The Supreme Court has been getting a lot of attention lately. With the deluge of end-of-term decisions over, it seems everyone is taking turns surveying the damage. But while most commentators ask “helping-or-hurting” questions – How big of a setback was the Prop 8 ruling for marriage traditionalists? Did racism win the day at the University of Texas? – I want to draw attention to a different set of questions raised by two of the year’s biggest decisions. These decisions, on gay marriage and voting rights respectively, offer an excellent opportunity to revisit our government’s famed system of “checks and balances” and ask just what we expect the various branches to do to get along.

In United States v. Windsor, the Court struck down a provision of the Defense of Marriage Act (DOMA) that prevented even already-married same-sex couples from receiving the benefits of a federally acknowledged marriage. It did so because it found that the law violated the so-called “due process clause” of the Fifth Amendment. So far, so good – this much accords well with our ordinary conception of how the federal government works – the legislature enacts laws, and the judiciary reviews their constitutionality. But in order to get to a place where they could even rule on DOMA’s constitutionality, the Court first had to answer a strange procedural question – was there even a real case to decide?

The problem was that the two sides seemed to agree on the correct ruling. Both the plaintiff, Edith Windsor, and the defendant, the U.S. Government (as represented by its Executive Branch), agreed that the law was unconstitutional. Accordingly, Ms. Windsor ought to be entitled to a refund of more than $350,000 in taxes that she was forced to pay on the estate of her deceased spouse, Thea Spyer, because under DOMA her same-sex marriage did not qualify her for surviving-spouse tax exemption. This led Justice Scalia, in oral arguments, to ask why the case had made it to the Supreme Court at all. What made it different from a debt-related lawsuit where the debtor agrees he owes money but just refuses to pay? In that case, there is no case – the debtor owes the money, no questions asked.

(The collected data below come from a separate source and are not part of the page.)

Lemma threshold_size_ge5 a m : 5 <= a ->
  2 * threshold_size a (threshold_lo a m) (threshold_hi a m) <=
  16 * a * (2 * a - 1) * (a + 4) * m ^ 2 + 16 * a ^ 3 * m.
Proof.
move=> a5; rewrite threshold_sizeE /threshold_lo /threshold_hi.
set k := 4 * (a + 1) * m; set h := 2 * a * (a + 4) * m.
have [c ea] : exists c, a = c + 5 by exists (a - 5); lia.
have ed : a * k - h = 2 * a * (c + 3) * m by rewrite /k /h ea; nia.
have ramp3 : \sum_(k <= u < h) (h - maxn k (a * k - u.+1)) =
             \sum_(k <= u < h) (u.+1 - (a * k - h)).
  by apply: eq_big_nat => u /andP[ku uh]; rewrite /k /h ea in ku uh *; nia.
have kh : k <= h by rewrite /k /h ea; nia.
have := sum_nat_ramp_down k (a * k - h); have := sum_nat_ramp_up (a * k - h) kh.
rewrite ramp3 ed; move: (\sum_(0 <= u < k) _) (\sum_(k <= u < h) _) => s2 s3.
have -> : minn k (2 * a * (c + 3) * m) = k by rewrite /k ea; nia.
have -> : k - 2 * a * (c + 3) * m = 0 by rewrite /k ea; nia.
have -> : h - 2 * a * (c + 3) * m = 12 * a * m by rewrite /h ea; nia.
have -> : h - k = 2 * (c * c + 12 * c + 33) * m by rewrite /h /k ea; nia.
have -> : 2 * a - 1 = 2 * c + 9 by rewrite ea; lia.
by rewrite /k ea; nia.
Qed.

(* Unlike for a >= 5, here h + k > a k: the lower column bound of the last
   block switches from a k - u - 1 to k at u = 3 k. *)
Lemma threshold_size_4 m :
  2 * threshold_size 4 (threshold_lo 4 m) (threshold_hi 4 m) <=
  16 * 4 * (2 * 4 - 1) * (4 + 4) * m ^ 2 + 16 * 4 ^ 3 * m.
Proof.
rewrite threshold_sizeE /threshold_lo /threshold_hi.
have -> : 4 * (4 + 1) * m = 20 * m by lia.
have -> : 2 * 4 * (4 + 4) * m = 64 * m by lia.
have -> : 4 * (20 * m) - 64 * m = 16 * m by lia.
have [m20 m60] : 20 * m <= 60 * m /\ 60 * m <= 64 * m by lia.
rewrite (big_cat_nat m20 m60) /=.
have -> : \sum_(20 * m <= u < 60 * m) (64 * m - maxn (20 * m) (4 * (20 * m) - u.+1)) =
          \sum_(20 * m <= u < 60 * m) (u.+1 - 16 * m).
  by apply: eq_big_nat => u /andP[lo hi]; lia.
have -> : \sum_(60 * m <= u < 64 * m) (64 * m - maxn (20 * m) (4 * (20 * m) - u.+1)) =
          \sum_(60 * m <= u < 64 * m) (44 * m).
  by apply: eq_big_nat => u /andP[lo hi]; lia.
have := sum_nat_ramp_down (20 * m) (16 * m); have := sum_nat_ramp_up (16 * m) m20.
rewrite sum_nat_const_nat.
move: (\sum_(0 <= u < 20 * m) _) (\sum_(20 * m <= u < 60 * m) _) => s2 s3.
have -> : minn (20 * m) (16 * m) = 16 * m by lia.
have -> : 20 * m - 16 * m = 4 * m by lia.
have -> : 60 * m - 16 * m = 44 * m by lia.
have -> : 64 * m - 20 * m = 44 * m by lia.
have -> : 64 * m - 60 * m = 4 * m by lia.
nia.
Qed.

Lemma threshold_size_le a m : 4 <= a ->
  2 * threshold_size a (threshold_lo a m) (threshold_hi a m) <=
  16 * a * (2 * a - 1) * (a + 4) * m ^ 2 + 16 * a ^ 3 * m.
Proof.
by rewrite leq_eqVlt => /orP[/eqP <-|]; [exact: threshold_size_4 | exact: threshold_size_ge5].
Qed.

Lemma mu_xyaz_threshold_le a m n : 4 <= a -> n <= a ^ 2 * (a + 4) * m ->
  2 * a * mu_xyaz a (coloring_of n (outside (threshold_lo a m) (threshold_hi a m))) <=
  16 * a * (2 * a - 1) * (a + 4) * m ^ 2 + 16 * a ^ 3 * m.
Proof.
move=> a4 nN; apply: leq_trans (threshold_size_le m a4); rewrite -mulnA leq_mul2l /=.
apply: (threshold_mu_le_size _ nN); rewrite /threshold_lo /threshold_hi; first by lia.
- by apply: eq_leq; ring.
- by nia.
Qed.

Definition residue_coloring a (quot_col res_col : nat -> bool) X :=
  if a %| X then quot_col (X %/ a) else res_col (X %% a).

Lemma residue_coloring_mono_dvdn a (quot_col res_col : nat -> bool) X Y : 0 < a ->
  (forall s, 0 < s < a -> res_col s != res_col (a - s)) ->
  a %| X + Y ->
  residue_coloring a quot_col res_col X = residue_coloring a quot_col res_col Y ->
  a %| X.
Proof.
move=> a_gt0 res_opp dvd_XY /eqP; apply: contraTT => ndvd_X.
have ndvd_Y : ~~ (a %| Y).
  by apply: contra ndvd_X => dvd_Y; rewrite -(dvdn_addl X dvd_Y).
have [X_pos Y_pos] : 0 < X %% a /\ 0 < Y %% a.
  by rewrite !lt0n; split; [exact: ndvd_X | exact: ndvd_Y].
have sum_res : X %% a + Y %% a = a.
  have /dvdnP[k ek] : a %| X %% a + Y %% a by rewrite /dvdn modnDm.
  have := ltn_pmod X a_gt0; have := ltn_pmod Y a_gt0.
  by case: k ek => [|[|k]] ek; rewrite ?mulSn in ek; lia.
rewrite /residue_coloring (negbTE ndvd_X) (negbTE ndvd_Y).
have -> : Y %% a = a - X %% a by lia.
by rewrite res_opp // X_pos ltn_pmod.
Qed.

Lemma residue_mu_le a n N (quot_col res_col : nat -> bool) (Q : rel nat) :
  0 < a -> n <= a * N ->
  (forall s, 0 < s < a -> res_col s != res_col (a - s)) ->
  (forall U V, 0 < U <= N -> 0 < V <= N -> quot_col U = quot_col V ->
     quot_col V = residue_coloring a quot_col res_col (U + V) -> Q U.-1 V.-1) ->
  mu_xyaz a (coloring_of n (residue_coloring a quot_col res_col)) <=
  \sum_(u < N.+1) \sum_(v < N.+1) Q u v.
Proof.
move=> a_gt0 nN res_opp QP.
apply: (@mu_xyaz_le_code_pairs a n N _ (fun X => (X %/ a).-1) (fun u => a * u.+1)) => //.
move=> X Y Z /andP[X_gt0 X_n] /andP[Y_gt0 Y_n] _ sol cXY cYZ.
have dvd_XY : a %| X + Y by rewrite sol dvdn_mulr.
have dvd_X := residue_coloring_mono_dvdn a_gt0 res_opp dvd_XY cXY.
have dvd_Y : a %| Y by rewrite -(dvdn_addr _ dvd_X).
have col_mul W : a %| W -> residue_coloring a quot_col res_col W = quot_col (W %/ a).
  by move=> dvd_W; rewrite /residue_coloring dvd_W.
rewrite (col_mul X) // (col_mul Y) // in cXY; rewrite (col_mul Y) // in cYZ.
case/dvdnP: dvd_X X_gt0 X_n cXY sol => U ->; case/dvdnP: dvd_Y Y_gt0 Y_n cYZ => V ->.
rewrite !mulnK // !muln_gt0 a_gt0 !andbT => U_gt0 V_n cVZ V_gt0 U_n cUV sol.
have UN : U <= N by rewrite -(leq_pmul2r a_gt0) (leq_trans U_n) // mulnC.
have VN : V <= N by rewrite -(leq_pmul2r a_gt0) (leq_trans V_n) // mulnC.
have eZ : Z = U + V by apply/eqP; rewrite -(eqn_pmul2l a_gt0) -sol mulnDr !(mulnC a).
rewrite eZ in cVZ; rewrite !prednK // !(mulnC a).
by split; [exact: leq_trans (leq_pred U) UN | exact: leq_trans (leq_pred V) VN | | |
  apply: QP; rewrite ?U_gt0 ?V_gt0].
Qed.
Lemma gdist_ge_potential (l : T -> nat) u v :
  (forall x y, e x y -> `|l x - l y| <= 1) -> (forall x, l x <= #|T|) ->
  `|l u - l v| <= gdist e u v.
Proof.
move=> l_lip l_le.
have walk_ge x p : path e x p -> `|l x - l (last x p)| <= size p.
  elim: p x => [|y p IHp] x /=; first by rewrite distnn.
  by case/andP=> /l_lip exy /IHp; lia.
rewrite /gdist; set P := fun k => walk_of_len e k u v.
case: (boolP (has P (iota 0 #|T|))) => hasP; last first.
  by rewrite (hasNfind hasP) size_iota; have := l_le u; have := l_le v; lia.
have ltk : find P (iota 0 #|T|) < #|T|.
  by rewrite -[X in _ < X](size_iota 0 #|T|) -has_find.
have := nth_find 0 hasP; rewrite nth_iota // add0n /P /walk_of_len.
case/existsP=> p /andP [pp /eqP lastp].
by have := walk_ge _ _ pp; rewrite lastp size_tuple.
Qed.

End GraphFacts.
Arguments deg_ge_inj {T e I} g {u}.
Arguments deg_le_cover {T e I} g {u}.

Definition relabel (T : finType) n (f : 'I_n -> T) (r : rel T) : rel 'I_n :=
  fun i j => r (f i) (f j).

Lemma relabel_simple (T : finType) n (f : 'I_n -> T) (r : rel T) :
  simple_graph r -> simple_graph (relabel f r).
Proof. by case=> r_sym r_irr; split=> [i j | i]; rewrite /relabel. Qed.

Section Relabel.
Variables (T : finType) (n : nat) (f : 'I_n -> T) (g : T -> 'I_n).
Hypotheses (fK : cancel f g) (gK : cancel g f).
Variable r : rel T.
Local Notation e := (relabel f r).

Lemma relabel_connected : connected_graph r -> connected_graph e.
Proof.
move=> r_conn i j; have /connectP [p pp lastp] := r_conn (f i) (f j).
apply/connectP; exists (map g p); last by rewrite -[i]fK last_map -lastp fK.
by rewrite -[i]fK path_map (@eq_path _ _ r) // => x y; rewrite /= /relabel !gK.
Qed.

Lemma deg_relabel i : deg e i = deg r (f i).
Proof.
rewrite /deg -(card_imset _ (can_inj fK)); apply: eq_card => v.
rewrite [RHS]inE; apply/imsetP/idP => [[j] | rv]; first by rewrite inE => ? ->.
by exists (g v); rewrite ?inE /relabel gK.
Qed.

Lemma maxdeg_relabel : maxdeg e = maxdeg r.
Proof.
apply/eqP; rewrite eqn_leq; apply/andP; split; apply/bigmax_leqP => x _.
  by rewrite deg_relabel; apply: leq_bigmax.
by rewrite -[x]gK -deg_relabel; apply: leq_bigmax.
Qed.

Lemma relabel_noC4 : ~ has_C4 r -> ~ has_C4 e.
Proof.
move=> noC4 [a [b [c [d [U ab bc cd da]]]]]; apply: noC4.
exists (f a), (f b), (f c), (f d); split=> //.
by rewrite -(map_inj_uniq (can_inj fK)) in U.
Qed.

Lemma sum_pairs_relabel (h : T -> T -> nat) :
  \sum_(i < n) \sum_(j < n) h (f i) (f j) = \sum_(x : T) \sum_(y : T) h x y.
Proof.
have f_bij : bijective f by exists g.
rewrite (reindex f) /=; last exact: onW_bij.
by apply: eq_bigr => i _; rewrite (reindex f) //=; exact: onW_bij.
Qed.

End Relabel.

Definition ord_label (T : finType) n (cT : #|T| = n) (i : 'I_n) : T :=
  enum_val (cast_ord (esym cT) i).
Definition ord_unlabel (T : finType) n (cT : #|T| = n) (x : T) : 'I_n :=
  cast_ord cT (enum_rank x).

Lemma ord_labelK (T : finType) n (cT : #|T| = n) :
  cancel (ord_label cT) (ord_unlabel cT).
Proof. by move=> i; rewrite /ord_label /ord_unlabel enum_valK cast_ordKV. Qed.
(* Consider a fair execution of Algorithm DLE from a permitted initial configuration $C_0$, and let $l$ be the point occupied by the elected leader when the algorithm terminates. When Algorithm DLE terminates, for every $i\in\{0,\dots,\epsilon_G(l)\}$ there exists a contracted particle occupying a point at grid distance $i$ from $l$; moreover, no particle occupies a point at grid distance greater than $\epsilon_G(l)$ from $l$.
   Context: Geometry. The triangular grid $G$ has as vertices (''points'') the points of the regular triangular lattice in the plane, adjacent iff at unit distance; each point has six incident edges, cyclically ordered clockwise. The grid distance $dist_G(u,v)$ is the shortest-path distance in $G$. A shape is a finite set of points (identified with its induced subgraph). For a connected shape $S$: the unbounded face is the outer face; a bounded face containing a grid point not in $S$ is a hole; the area of $S$ is $S$ with its hole points; the outer boundary is the set of points of $S$ on the boundary of the outer face; a boundary point is a point of $S$ adjacent to a point not in $S$. For a boundary point $v$, a local boundary $B$ of $v$ w.r.t. $S$ is a maximal clockwise cyclic interval of consecutive edges at $v$ leading to points not in $S$, with boundary count $c(v,B)=|B|-2$. $v$ is redundant if its neighbors in $S$ induce a connected subgraph; erodable if redundant and on the outer boundary (it then has a single local boundary $B$); SCE if erodable and $c(v,B)>0$. Model (amoebot, strong scheduler). Anonymous constant-memory particles each occupy one point (contracted) or two adjacent points (expanded; head and tail); no point is occupied twice. Ports $0,\dots,5$, common clockwise chirality, particles know neighbors' port numbers for common edges, read/write neighbors' memories. Moves: expansion into an adjacent empty point (new head), contraction, handover. Executions are sequences of atomic activations of single particles (read, compute, write, at most one move); fair if every particle is activated infinitely often. Permitted initial configuration $C_0$: all particles contracted, nonempty connected set $S_P(C_0)$ of occupied points; each particle knows for each port whether the adjacent point lies in the outer face of $S_P(C_0)$. The system's shape may become disconnected. Algorithm DLE. Maintains eligible set $S_e$, initially the area of $S_P(C_0)$; points are only removed. Particle $p$ has $status$ (initially $undecided$) and $eligible[0..5]$ (initially true iff the adjacent point is not in the outer face of $S_P(C_0)$). On activation: if expanded, contract into head; else if $p$ and all neighbors are decided, terminate; else if undecided and contracted at $v$: if no neighbor of $v$ is in $S_e$ (per $eligible$), become $leader$; else if $v$ is SCE w.r.t. $S_e$, remove $v$ from $S_e$ (neighbors whose head is adjacent to $v$ update their $eligible$ entry for $v$ to false), then if $v$ has an adjacent unoccupied point $u\in S_e$, set own $eligible$ entries to true except the one pointing from $u$ to $v$ (false) and expand into $u$, otherwise become $follower$. In any fair execution $S_e$ eventually equals a single point $l$, occupied by the unique leader. $\epsilon_G(l)=\max_{u\in S_P(C_0)} dist_G(l,u)$ is the eccentricity of $l$ w.r.t. $G$ in $C_0$. *)

From Stdlib Require Import ZArith Arith.
Open Scope Z_scope.

(* Points of the regular triangular lattice in axial coordinates:
   (a,b) is the plane point a*(1,0) + b*(1/2, sqrt 3 / 2). *)
Definition Point : Type := (Z * Z)%type.

Definition padd (x y : Point) : Point := (fst x + fst y, snd x + snd y).

Definition peqb (x y : Point) : bool := Z.eqb (fst x) (fst y) && Z.eqb (snd x) (snd y).

(* The six unit vectors, listed in clockwise cyclic order (index taken mod 6). *)
Definition dvec (d : nat) : Point :=
  match Nat.modulo d 6 with
  | 0%nat => (1, 0)
  | 1%nat => (1, -1)
  | 2%nat => (0, -1)
  | 3%nat => (-1, 0)
  | 4%nat => (-1, 1)
  | _ => (0, 1)
  end.

Definition nbr (v : Point) (d : nat) : Point := padd v (dvec d).

Definition adj (x y : Point) : Prop := exists d, (d < 6)%nat /\ y = nbr x d.

Inductive walk : Point -> Point -> nat -> Prop :=
| walk_nil : forall x, walk x x 0
| walk_cons : forall x y z n, adj x y -> walk y z n -> walk x z (S n).

Definition is_dist (u v : Point) (d : nat) : Prop :=
  walk u v d /\ forall d', walk u v d' -> (d <= d')%nat.

Definition shape := Point -> Prop.

Definition finite_shape (S : shape) : Prop :=
  exists l : list Point, forall x, S x -> List.In x l.

Inductive path_in (S : shape) : Point -> Point -> Prop :=
| path_in_refl : forall x, S x -> path_in S x x
| path_in_step : forall x y z, S x -> adj x y -> path_in S y z -> path_in S x z.

Definition connected (S : shape) : Prop :=
  forall x y, S x -> S y -> path_in S x y.

Definition pnorm (x : Point) : Z := Z.abs (fst x) + Z.abs (snd x).

(* q lies in the outer (unbounded) face of S: q is not in S and q can be
   joined, avoiding S, to grid points arbitrarily far away. *)
Definition in_outer_face (S : shape) (q : Point) : Prop :=
  ~ S q /\ forall n : Z, exists r, path_in (fun x => ~ S x) q r /\ n <= pnorm r.

(* area of S: S together with its hole points (points not in S that lie in a
   bounded face) *)
Definition area (S : shape) : shape :=
  fun x => S x \/ (~ S x /\ ~ in_outer_face S x).

Definition outer_boundary (S : shape) (v : Point) : Prop :=
  S v /\ exists d, (d < 6)%nat /\ in_outer_face S (nbr v d).
(* Block sizes as sums, so that they can be split like the weights. *)
Lemma card_set_sum m (P : pred 'I_m) : #|[set i | P i]| = (\sum_(i < m | P i) 1)%N.
Proof. by rewrite -sum1_card; apply: eq_bigl => i; rewrite inE. Qed.

Lemma bsize_extend m k j0 (lab : {ffun 'I_m -> 'I_k}) j :
  bsize (extend (j0, lab)) j = (bsize lab j + (j0 == j))%N.
Proof.
rewrite /bsize !card_set_sum big_mkcond big_ord_recr /= extend_max -big_mkcond /=.
by congr (_ + _)%N; apply: eq_bigl => i; rewrite widen_lift extend_lift.
Qed.

Section AddPoint.
Variables (m k : nat) (f fx : nat -> nat).
Hypothesis fx_eq : forall i, (i < m)%N -> fx i = f i.

Lemma weight_extend j0 (lab : {ffun 'I_m -> 'I_k}) j :
  weight fx (extend (j0, lab)) j = (weight f lab j + (if j0 == j then fx m else 0))%N.
Proof.
rewrite /weight big_mkcond big_ord_recr /= extend_max -big_mkcond /=.
congr (_ + _)%N; apply: eq_big => [i|i _]; first by rewrite widen_lift extend_lift.
exact: fx_eq.
Qed.

Lemma block_prod_extend j0 (lab : {ffun 'I_m -> 'I_k}) :
  block_prod fx (extend (j0, lab)) =
  block_poly (weight f lab j0 + fx m) (bsize lab j0).+1 *
  \prod_(j < k | j != j0) block_poly (weight f lab j) (bsize lab j).
Proof.
rewrite /block_prod (bigD1 j0) //= weight_extend bsize_extend eqxx addn1.
congr (_ * _); apply: eq_bigr => j ne_j.
by rewrite weight_extend bsize_extend eq_sym (negbTE ne_j) !addn0.
Qed.

End AddPoint.

(* The effect of raising the weight of the new point from 0 to 1 when it
   carries label j0 and the old points are labelled by lab. *)
Definition insert_term m (f : nat -> nat) k (j0 : 'I_k) (lab : {ffun 'I_m -> 'I_k}) :
    {poly rat} :=
  raise (4 * weight f lab j0 + 3)%:R (block_poly (weight f lab j0) (bsize lab j0)) *
  \prod_(j < k | j != j0) block_poly (weight f lab j) (bsize lab j).

Lemma Phi_extend_diff m k (f f0 f1 : nat -> nat) :
  (forall i, (i < m)%N -> f0 i = f i) -> (forall i, (i < m)%N -> f1 i = f i) ->
  f0 m = 0%N -> f1 m = 1%N ->
  Phi m.+1 f1 k - Phi m.+1 f0 k =
  \sum_(j0 < k) \sum_(lab : {ffun 'I_m -> 'I_k} | onto (extend (j0, lab)))
    insert_term f j0 lab.
Proof.
move=> f0_eq f1_eq f0m f1m; rewrite /Phi !(sum_extend (fun e => onto e)) -sumrB.
rewrite pair_big_dep; apply: eq_bigr => -[j0 lab] _ /=.
rewrite (block_prod_extend f1_eq) (block_prod_extend f0_eq) f0m f1m addn0 addn1 -mulrBl.
by rewrite block_poly_step //; apply: weight_empty.
Qed.

Lemma onto_extend m k j0 (lab : {ffun 'I_m -> 'I_k}) :
  onto (extend (j0, lab)) = [forall j, (j == j0) || [exists i, lab i == j]].
Proof.
apply/forallP/forallP => ontoE j.
  case/existsP: (ontoE j) => i; case: (unliftP ord_max i) => [i' ->|->].
    by rewrite extend_lift => lab_i'; apply/orP; right; apply/existsP; exists i'.
  by rewrite extend_max /= => /eqP ->; rewrite eqxx.
case/orP: (ontoE j) => [/eqP -> | /existsP [i lab_i]]; apply/existsP.
  by exists ord_max; rewrite extend_max.
by exists (lift ord_max i); rewrite extend_lift.
Qed.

But the Executive Branch disagreed…kind of. Although they refused to defend DOMA’s constitutionality, they insisted on enforcing it and requested that the Court continue with the case as if everything were normal. However, because the Executive refused to defend the law, the Bipartisan Legal Advisory Group from the House of Representatives had to step in instead. Their representative, Paul Clement, pointed out that this convoluted scheme had already led at the District Court level to “the most anomalous motion to dismiss in the history of litigation: A motion to dismiss, filed by the United States, asking the district court not to dismiss the case.” Justice Kennedy noted that that is enough to “give you intellectual whiplash.” Indeed.

From here things return back to normal. The Court decided to look past the legal acrobatics necessary to keep the case alive, and went on to strike down DOMA’s key provision. But let’s not follow them there. The behavior of the Executive Branch should give us pause. The Executive argued that it had a constitutional duty to uphold and enforce duly enacted laws, such as DOMA. On the other hand, it did not believe DOMA itself to be constitutional. What this leaves us with is a contradiction: a claimed constitutional duty to uphold an unconstitutional law.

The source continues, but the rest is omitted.